Querying in Log Analytics

Navigate to: Azure Portal → Log Analytics Workspace → Logs

All LLM requests in the last hour

KUSTO
customMetrics
| where name == "llm.latency_ms"
| where timestamp > ago(1h)
| summarize
    avg_latency = avg(value),
    p95_latency = percentile(value, 95),
    p99_latency = percentile(value, 99),
    request_count = count()
| project avg_latency, p95_latency, p99_latency, request_count

Token usage by model (cost tracking)

KUSTO
customMetrics
| where name == "llm.tokens.total"
| where timestamp > ago(24h)
| summarize total_tokens = sum(value) by tostring(customDimensions["model"])
| order by total_tokens desc

Error rate

KUSTO
requests
| where timestamp > ago(1h)
| where name contains "/api/chat"
| summarize
    total = count(),
    errors = countif(resultCode >= 400)
| extend error_rate_pct = round(100.0 * errors / total, 2)

Slow requests (over 5s)

KUSTO
requests
| where timestamp > ago(1h)
| where duration > 5000
| where name contains "/api/chat"
| project timestamp, duration, resultCode, url
| order by duration desc

Application Map

In the Azure Portal → Application Insights → Application Map, you'll see a visual graph of:

[Browser] → [pharmabot-api] → [Azure OpenAI]
                            → [Azure AI Search]
                            → [Redis]
                            → [PostgreSQL]

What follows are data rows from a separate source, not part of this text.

Lemma eulerM i j p q : euler i j (p * q) = euler i j p * q + p * euler i j q.
Proof. by rewrite /euler !mderivM; ring. Qed.

Lemma euler_mpolyX i j m : euler i j 'X_[m] = (m i + m j)%:R *: 'X_[m].
Proof.
have XdX k : ('X_k : P) * 'X_[m]^`M(k) = (m k)%:R *: 'X_[m].
  rewrite mderivX -scalerAr; have [->|mk] := eqVneq (m k) 0%N; first by rewrite !scale0r.
  by rewrite -mpolyXD addmC submK ?lep1mP.
by rewrite /euler !XdX natrD scalerDl.
Qed.

Lemma euler01_bihom s f : euler i0 i1 (bihom s f) = s%:R * bihom s f.
Proof.
rewrite mulr_natl -scaler_nat scale_bihom /bihom euler_sum; apply: eq_bigr => k _.
rewrite euler_sum; apply: eq_bigr => k' _.
by rewrite eulerZ euler_mpolyX !mono4_val subnKC ?scalerA ?[_ * f _ _]mulrC // -ltnS.
Qed.

Lemma euler23_bihom s f : euler i2 i3 (bihom s f) = s%:R * bihom s f.
Proof.
rewrite mulr_natl -scaler_nat scale_bihom /bihom euler_sum; apply: eq_bigr => k _.
rewrite euler_sum; apply: eq_bigr => k' _.
by rewrite eulerZ euler_mpolyX !mono4_val subnKC ?scalerA ?[_ * f _ _]mulrC // -ltnS.
Qed.

Lemma euler_expM i j (q p c : P) n :
  euler i j q = q -> euler i j p = c * p -> euler i j (q ^+ n * p) = (n%:R + c) * (q ^+ n * p).
Proof.
move=> Eq Ep; elim: n => [|n IHn]; first by rewrite expr0 !mul1r add0r.
by rewrite exprS -mulrA eulerM IHn Eq -natr1; ring.
Qed.

Lemma mderiv_var (i j : nat) : (i < 4)%N -> (j < 4)%N ->
  ('X_(inord j) : P)^`M(inord i) = if i == j then 1 else 0.
Proof.
move=> lt_i4 lt_j4; rewrite mderivX mnm1E -val_eqE /= !inordK // eq_sym.
case: eqP => [->|_]; last by rewrite mulr0n scale0r.
by rewrite mulr1n -[X in (X - _)%MM]add0m addmK mpolyX0 scale1r.
Qed.

Lemma mderiv1 i : (1 : P)^`M(i) = 0.
Proof. exact: (mderivC i 1). Qed.

Ltac mderiv_simpl := rewrite /Defs.z1 /Defs.z2 /Defs.w1 /Defs.w2;
  do 3 rewrite ?(mderivD, mderivM, mderiv_var) //=
               ?(mderiv0, mderiv1, mul0r, mulr0, mul1r, mulr1, addr0, add0r).

Lemma euler01_zz : euler i0 i1 zz = zz.
Proof. by rewrite /euler /Defs.zz; mderiv_simpl; ring. Qed.

Lemma euler23_zz : euler i2 i3 zz = zz.
Proof. by rewrite /euler /Defs.zz; mderiv_simpl; ring. Qed.

Definition lap (p : P) : P := p^`M(i2)^`M(i0) + p^`M(i3)^`M(i1).

Lemma lapZ (c : C) p : lap (c *: p) = c *: lap p.
Proof. by rewrite /lap !mderivZ scalerDr. Qed.

Lemma lap_zzM p : lap (zz * p) = zz * lap p + 2%:R * p + euler i0 i1 p + euler i2 i3 p.
Proof. by rewrite /lap /euler /Defs.zz; mderiv_simpl; ring. Qed.

Lemma lap_zzXM (q : P) s n :
  lap q = 0 -> euler i0 i1 q = s%:R * q -> euler i2 i3 q = s%:R * q ->
  lap (zz ^+ n.+1 * q) = (n.+1 * (n.+2 + 2 * s))%:R * (zz ^+ n * q).
Proof.
move=> Lq E01 E23; elim: n => [|n IHn].
  by rewrite expr1 lap_zzM Lq E01 E23 expr0 mul1r mulr0 add0r !natrM !natrD; ring.
rewrite exprS -mulrA lap_zzM IHn (euler_expM _ euler01_zz E01) (euler_expM _ euler23_zz E23).
by rewrite !natrM !natrD -!natr1 !exprS; ring.
Qed.

Lemma lap_bihom s f : lap (bihom s.+1 f) = bihom s (fun k k' =>
  f k.+1 k'.+1 *+ (k.+1 * k'.+1) + f k k' *+ ((s.+1 - k) * (s.+1 - k'))).
Proof.
apply/mpolyP => m.
rewrite /lap mcoeffD !mcoeff_deriv (mono4_eta m) !mnm1_mono4 !inordK //=.
rewrite !mono4D !mono4_val !mcoeff_bihom !mono4_val !addn0 !addn1 !addnS !addSn !eqSS.
case: ifP => [/andP[/eqP E01 /eqP E23] | _]; last by rewrite !mul0rn addr0.
have -> : (s.+1 - m i0 = (m i1).+1)%N by lia.
have -> : (s.+1 - m i2 = (m i3).+1)%N by lia.
by rewrite -!mulrnA mulnC [((m i3).+1 * _)%N]mulnC.
Qed.

Definition harm_coef (s : nat) (mu : int) (j j' : nat) : C :=
  if j%:Z - j'%:Z == mu then (-1) ^+ (s - j) * 'C(s, j)%:R * 'C(s, j')%:R else 0.

Definition harm (s : nat) (mu : int) : P := bihom s (harm_coef s mu).

Lemma lap_harm s mu : lap (harm s mu) = 0.
Proof.
case: s => [|s].
  rewrite /lap /harm /bihom !big_ord1 !mderivZ /X4 !mderivX !mono4_val.
  by rewrite !scale0r !mderiv0 !scaler0 addr0.
rewrite /harm lap_bihom -(bihom0 C s); apply: eq_bihom => k k' le_ks _.
rewrite /harm_coef.
have -> : k.+1%:Z - k'.+1%:Z = k%:Z - k'%:Z by rewrite !intS opprD addrACA subrr add0r.
case: eqP => _; last by rewrite !mul0rn addr0.
have binS j : (j.+1%:R * 'C(s.+1, j.+1)%:R = (s.+1 - j)%:R * 'C(s.+1, j)%:R :> C).
  by rewrite -!natrM mul_bin_left.
have sign : (-1) ^+ (s.+1 - k) = - (-1) ^+ (s - k) :> C by rewrite subSn // exprS mulN1r.
rewrite subSS sign -[X in X + _]mulr_natr -[X in _ + X]mulr_natr !natrM.
set x := (-1) ^+ (s - k).
transitivity (x * ((k.+1%:R * 'C(s.+1, k.+1)%:R) * (k'.+1%:R * 'C(s.+1, k'.+1)%:R))
  - x * (((s.+1 - k)%:R * 'C(s.+1, k)%:R) * ((s.+1 - k')%:R * 'C(s.+1, k')%:R))).
  by ring.
by rewrite !binS subrr.
Qed.

End Derivations.

Section Racah.
Variable C : numClosedFieldType.

Lemma natr_fact_neq0 n : (n`!%:R : C) != 0.
Proof. by rewrite pnatr_eq0 -lt0n fact_gt0. Qed.

Lemma natr_bin n k : (k <= n)%N -> 'C(n, k)%:R = n`!%:R / (k`!%:R * (n - k)`!%:R) :> C.
Proof. by move=> le_kn; rewrite -(bin_fact le_kn) !natrM mulfK // mulf_neq0 ?natr_fact_neq0. Qed.

Lemma add1r_neq0 (x : C) : 0 <= x -> 1 + x != 0.
Proof. by move=> x_ge0; rewrite lt0r_neq0 // ltr_pwDl ?ltr01. Qed.

Lemma sqrtCM_ge0 (x y : C) : 0 <= x -> 0 <= y -> sqrtC (x * y) = sqrtC x * sqrtC y.
Proof. by move=> x_ge0 y_ge0; rewrite sqrtCM ?nnegrE. Qed.

Lemma sqrtCM_eq (x y a z : C) : 0 <= x -> 0 <= y -> 0 <= a -> 0 <= z ->
  x * y = a ^+ 2 * z -> sqrtC x * sqrtC y = a * sqrtC z.
Proof.
move=> x_ge0 y_ge0 a_ge0 z_ge0 Exy.
by rewrite -sqrtCM_ge0 // Exy sqrtCM_ge0 ?exprn_ge0 // sqrCK.
Qed.

Definition racah_norm (N sigma : nat) : C :=
  sqrtC ((2 * sigma + 1)%:R * sigma`!%:R * sigma`!%:R * (N - sigma)`!%:R
         / (N + sigma + 1)`!%:R).

(* The guard is the range of Racah's sum; on it every truncated subtraction
   below is exact. *)
Definition racah_term (N sigma k k' t : nat) : C :=
  if [&& t <= N - k, t <= N - k', N - sigma <= k + t & N - sigma <= k' + t]%N
  then (-1) ^+ t / (t`!%:R * (N - sigma - t)`!%:R * (N - k - t)`!%:R * (N - k' - t)`!%:R
                    * (k + t - (N - sigma))`!%:R * (k' + t - (N - sigma))`!%:R)
  else 0.

Ltac half_to e v := rewrite (_ : Defs.half e = v); last by rewrite /Defs.half; lia.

Each arrow shows latency and error rate. This makes it immediately obvious which dependency is the bottleneck.


Live Metrics

Application Insights → Live Metrics shows real-time:

  • Incoming request rate
  • Failed request rate
  • Server response time
  • CPU and memory

Use this during a deployment to immediately see if the new version is healthy.


Checkpoint

After instrumenting, deploy and make 10 requests:

Bash
for i in {1..10}; do
  curl -s http://localhost:8000/api/chat \
    -d '{"message":"What is ibuprofen?"}' \
    -H "Content-Type: application/json" > /dev/null
done

Then in Application Insights → Transaction Search, you should see 10 requests. Click any one to see the full trace: HTTP request → OpenAI call → response. All latencies broken down, all tokens logged.